The sensing module is arranged on the hanger body, and the sensing module can detect environmental characteristics, user posture information and position information of the user relative to the hanger body;

The control module is arranged below the vertical section of the gantry and adjacent to the walking module, the sensing module is connected to the control module, and the control module is used to receive the environmental features, The use posture information and the position information, and control the walking module of the rehabilitation mechanism to walk autonomously in all directions according to the environmental characteristics, the use posture information and the position information.

In some embodiments, the rehabilitation equipment further includes: a suspension module, the suspension module is arranged on the horizontal section of the gantry, the suspension module includes a suspension bracket and a suspension hanging plate, the The suspension hanging plate is slidably arranged on the suspension bracket along two mutually perpendicular directions; the suspension bracket includes: an X-direction bracket and a Y-direction bracket, and the X-direction brackets are two arranged at intervals, The two ends of the Y-direction bracket are slidably arranged on the two X-direction brackets, and the suspension hanging plate is slidably arranged on the Y-direction bracket;

The sensing module includes an environment sensor, a human body sensor and a displacement sensor; the environment sensor is arranged around the hanger body, and the environment sensor is used for collecting environmental characteristics; the human body sensor is arranged at the hanger body The top of the top, the environment sensor is used to collect user posture information; the displacement sensor includes an X-direction displacement sensor on the X-direction support and a Y-direction displacement sensor on the Y-direction support, The displacement sensor is used to collect the position information of the user.

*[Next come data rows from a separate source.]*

Lemma cmxE (R : rcfType) n (A : 'M[R]_n) : cmx A = map_mx (real_complex R) A.
Proof. by []. Qed.

Lemma root_is_ceig (R : rcfType) n (A : 'M[R]_n) x :
  root (char_poly A) x -> is_ceig A x 0.
Proof.
rewrite /is_ceig eigenvalue_root_char cmxE -map_char_poly.
by rewrite -[(x +i* 0)%C]/(x%:C)%C fmorph_root.
Qed.

Lemma is_ceig_conj (R : rcfType) n (A : 'M[R]_n) a b :
  is_ceig A a b -> is_ceig A a (- b).
Proof.
rewrite /is_ceig !eigenvalue_root_char cmxE -map_char_poly => rab.
rewrite -[(a +i* - b)%C]/((a +i* b)^*)%C -complex_root_conj -map_poly_comp.
by rewrite (eq_map_poly (g := real_complex R)) // => x /=; rewrite oppr0.
Qed.

Section SpectralRadius.
Local Open Scope sesquilinear_scope.
Variables (R : rcfType) (n : nat) (A : 'M[R]_n) (lam : R).
Hypothesis lam_ge0 : 0 <= lam.
Hypothesis eig_le : forall a b, is_ceig A a b -> a ^+ 2 + b ^+ 2 <= lam ^+ 2.

Lemma roots_lt_spectral_bound t : lam < t -> roots_lt (char_poly A) t.
Proof.
move=> lam_lt_t x /root_is_ceig /eig_le; rewrite expr0n addr0.
by move=> /(le_of_sqr_le lam_ge0) /le_lt_trans; apply.
Qed.

Lemma dominated_eigenvalue_le (S : 'M[R[i]]_n) d :
  (forall i j, normc (S i j) <= A i j) -> eigenvalue S d -> normc d <= lam.
Proof.
move=> SA Sd; rewrite leNgt; apply/negP => /roots_lt_spectral_bound.
exact: dominated_eigenvalue_not_roots_lt SA Sd.
Qed.

Lemma spectral_radius_is_eigenvalue :
  nnegmx A -> (exists a b, is_ceig A a b /\ a ^+ 2 + b ^+ 2 = lam ^+ 2) ->
  is_ceig A lam 0.
Proof.
move=> A0 [a [b [Aab ab_lam]]]; apply/root_is_ceig/negPn/negP => nroot.
have normc_ab : normc (a +i* b)%C = lam by rewrite /= ab_lam sqrtr_sqr ger0_norm.
apply: (@dominated_eigenvalue_not_roots_lt _ _ (cmx A) A _ _ Aab).
  by move=> i j; rewrite mxE normc_real ger0_norm.
rewrite normc_ab => x rx; rewrite lt_neqAle.
have := eig_le (root_is_ceig rx); rewrite expr0n addr0 => /(le_of_sqr_le lam_ge0) ->.
by rewrite andbT; apply: contraNneq nroot => <-.
Qed.

Lemma sum_min_le : nnegmx A ->
  \sum_i \sum_j Num.min (A i j) (A j i) <= n%:R * lam.
Proof.
move=> A0; pose M := \matrix_(i, j) Num.min (A i j) (A j i).
have M_normal : cmx M \is normalmx.
  suff M_herm : (cmx M)^t* = cmx M by apply/normalmxP; rewrite M_herm.
  by apply/matrixP => i j; rewrite !mxE minC; apply: conjc_real.
have M_dom i j : normc (cmx M i j) <= A i j.
  by rewrite mxE normc_real mxE ger0_norm ?ge_min ?lexx // le_min !A0.
have M_eig d : eigenvalue (cmx M) d -> `|d| <= (lam%:C)%C.
  by move=> Md; rewrite normcE lecR (dominated_eigenvalue_le M_dom Md).
have := normal_sum_le M_normal M_eig.
have -> : \sum_i \sum_j cmx M i j = (\sum_i \sum_j Num.min (A i j) (A j i))%:C%C.
  rewrite rmorph_sum; apply: eq_bigr => i _; rewrite rmorph_sum.
  by apply: eq_bigr => j _; rewrite !mxE.
rewrite -(rmorph_nat (real_complex R)) -rmorphM normcE lecR normc_real.
exact: le_trans (ler_norm _).
Qed.

End SpectralRadius.

Lemma sum_three_le (R : numDomainType) n (f : 'I_n -> R) k1 k2 k3 :
  k1 != k2 -> k1 != k3 -> k2 != k3 -> (forall k, 0 <= f k) ->
  f k1 + f k2 + f k3 <= \sum_k f k.
Proof.
move=> k12 k13 k23 f_ge0.
rewrite (bigD1 k1) // (bigD1 k2) 1?eq_sym //= (bigD1 k3) /=.
  by rewrite !addrA lerDl sumr_ge0.
by rewrite ![k3 == _]eq_sym k13 k23.
Qed.

(* [lam], [a + i b] and [a - i b] occupy three different diagonal places of the
   triangular form; summing [|T_kk|^2] and [Re (T_kk^2)] over them gives the bounds. *)
Lemma real_eigenvalue_sq_bounds (R : rcfType) n (A : 'M[R]_n) lam a b :
  is_ceig A lam 0 -> is_ceig A a b -> b != 0 ->
  lam ^+ 2 + 2 * (a ^+ 2 + b ^+ 2) <= \sum_i \sum_j A i j ^+ 2 /\
  2 * (lam ^+ 2 + 2 * a ^+ 2) <=
    \sum_i \sum_j A i j ^+ 2 + \sum_i \sum_j A i j * A j i.
Proof.
move=> Alam Aab b_neq0; have Aab' := is_ceig_conj Aab.
have [T [T_eig T_frob T_tr]] := Schur_diag (cmx A).
have [k1 T1] := T_eig _ Alam; have [k2 T2] := T_eig _ Aab.
have [k3 T3] := T_eig _ Aab'.
have k12 : k1 != k2.
  by apply: contraNneq b_neq0 => e; move: T2; rewrite -e T1 => -[_ <-].
have k13 : k1 != k3.
  apply: contraNneq b_neq0 => e; move: T3; rewrite -e T1 => -[_ /eqP].
  by rewrite eq_sym oppr_eq0.
have k23 : k2 != k3.
  apply: contraNneq b_neq0 => e; move: T3; rewrite -e T2 => -[bNb].
  by apply/eqP; lra.
pose re k := complex.Re (T k k); pose im k := complex.Im (T k k).
have sum_norm : \sum_k (re k ^+ 2 + im k ^+ 2) <= \sum_i \sum_j A i j ^+ 2.
  rewrite -lecR !rmorph_sum (eq_bigr _ (fun k _ => add_Re2_Im2 (T k k))).
  apply: le_trans T_frob _; apply: ler_sum => i _; rewrite rmorph_sum.
  apply: ler_sum => j _; rewrite mxE normcE normc_real -rmorphXn.
  by rewrite real_normK ?num_real.
have sum_re : \sum_k (re k ^+ 2 - im k ^+ 2) = \sum_i \sum_j A i j * A j i.
  transitivity (complex.Re (\sum_k T k k ^+ 2)).
    rewrite Re_sum; apply: eq_bigr => k _; rewrite /re /im.
    by case: (T k k) => x y; rewrite /= !expr2.
  rewrite T_tr /mxtrace Re_sum; apply: eq_bigr => i _; rewrite mxE Re_sum.
  by apply: eq_bigr => j _; rewrite !mxE /= !mulr0 subr0.
have [re1 im1] : re k1 = lam /\ im k1 = 0 by rewrite /re /im T1.
have [re2 im2] : re k2 = a /\ im k2 = b by rewrite /re /im T2.
have [re3 im3] : re k3 = a /\ im k3 = - b by rewrite /re /im T3.
have sum_split : \sum_k (re k ^+ 2 + im k ^+ 2) + \sum_k (re k ^+ 2 - im k ^+ 2) =
    2 * \sum_k re k ^+ 2.
  rewrite -big_split /= mulr_sumr; apply: eq_bigr => k _.
  by rewrite addrACA subrr addr0 mulr_natl mulr2n.
have := sum_three_le (f := fun k => re k ^+ 2) k12 k13 k23 (fun k => sqr_ge0 _).
have := sum_three_le (f := fun k => re k ^+ 2 + im k ^+ 2) k12 k13 k23
  (fun k => addr_ge0 (sqr_ge0 _) (sqr_ge0 _)).
by rewrite /= re1 im1 re2 im2 re3 im3 sqrrN expr0n /=; split; lra.
Qed.

Lemma sum_entries_bounds (R : realDomainType) n (A : 'M[R]_n) :
  (forall i j, 0 <= A i j /\ A i j <= 1) ->
  \sum_i \sum_j A i j * A j i <= \sum_i \sum_j Num.min (A i j) (A j i) /\
  2 * \sum_i \sum_j A i j ^+ 2 <= n%:R ^+ 2 + \sum_i \sum_j Num.min (A i j) (A j i).
Proof.
move=> A01; split.
  apply: ler_sum => i _; apply: ler_sum => j _; rewrite le_min.
  by have [? ?] := A01 i j; have [? ?] := A01 j i; apply/andP; split; nra.
have -> : 2 * \sum_i \sum_j A i j ^+ 2 = \sum_i \sum_j (A i j ^+ 2 + A j i ^+ 2).
  rewrite (eq_bigr _ (fun i _ => big_split _ _ _ _ _)) big_split /=.
  by rewrite [X in _ = _ + X]exchange_big mulr_natl mulr2n.
have -> : n%:R ^+ 2 + \sum_i \sum_j Num.min (A i j) (A j i) =
    \sum_i \sum_j (1 + Num.min (A i j) (A j i)).
  rewrite (eq_bigr _ (fun i _ => big_split _ _ _ _ _)) big_split /=.
  by rewrite !sumr_const card_ord expr2 mulr_natr.
apply: ler_sum => i _; apply: ler_sum => j _.
have [? ?] := A01 i j; have [? ?] := A01 j i.
by case: (leP (A i j) (A j i)) => ?; nra.
Qed.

In some embodiments, the rehabilitation equipment also includes:

An emergency sensor, the emergency sensor is electrically connected to the control module, and the emergency sensor is used to collect an emergency signal indicating whether the emergency sensor is triggered; the emergency sensor includes an emergency stop button, and the emergency stop button is located on the hanger body and/or, the emergency sensor includes a plurality of pressure-sensitive handrails, and the plurality of pressure-sensitive handrails are vertically spaced on the hanger body.

Beneficial effect

The control method of the rehabilitation mechanism provided by the embodiment of the present invention detects the environmental characteristics, the user's use posture information and the position information of the user relative to the rehabilitation mechanism through the sensing module, and the control module receives the environmental characteristics and the use posture information and the position information, and control the walking module of the rehabilitation mechanism to walk autonomously in all directions according to the environmental characteristics, the use posture information and the position information, detect the user's rehabilitation status in real time, and facilitate the planning of rehabilitation training, On the other hand, it is possible to plan the walking strength of the entire hanger system according to the position of the user relative to the rehabilitation institution and the environmental characteristics, which can realize fully automatic omnidirectional self-following, reduce interference to patients, reduce the workload of nursing staff, and improve The effect of rehabilitation training on patients.

Description of drawings

In order to more clearly illustrate the technical solutions in the embodiments of the present invention, the following will briefly introduce the accompanying drawings that need to be used in the description of the embodiments of the present invention. Obviously, the accompanying drawings in the following description are only some embodiments of the present invention For those skilled in the art, other drawings can also be obtained according to the contents of the embodiments of the present invention and these drawings without any creative work.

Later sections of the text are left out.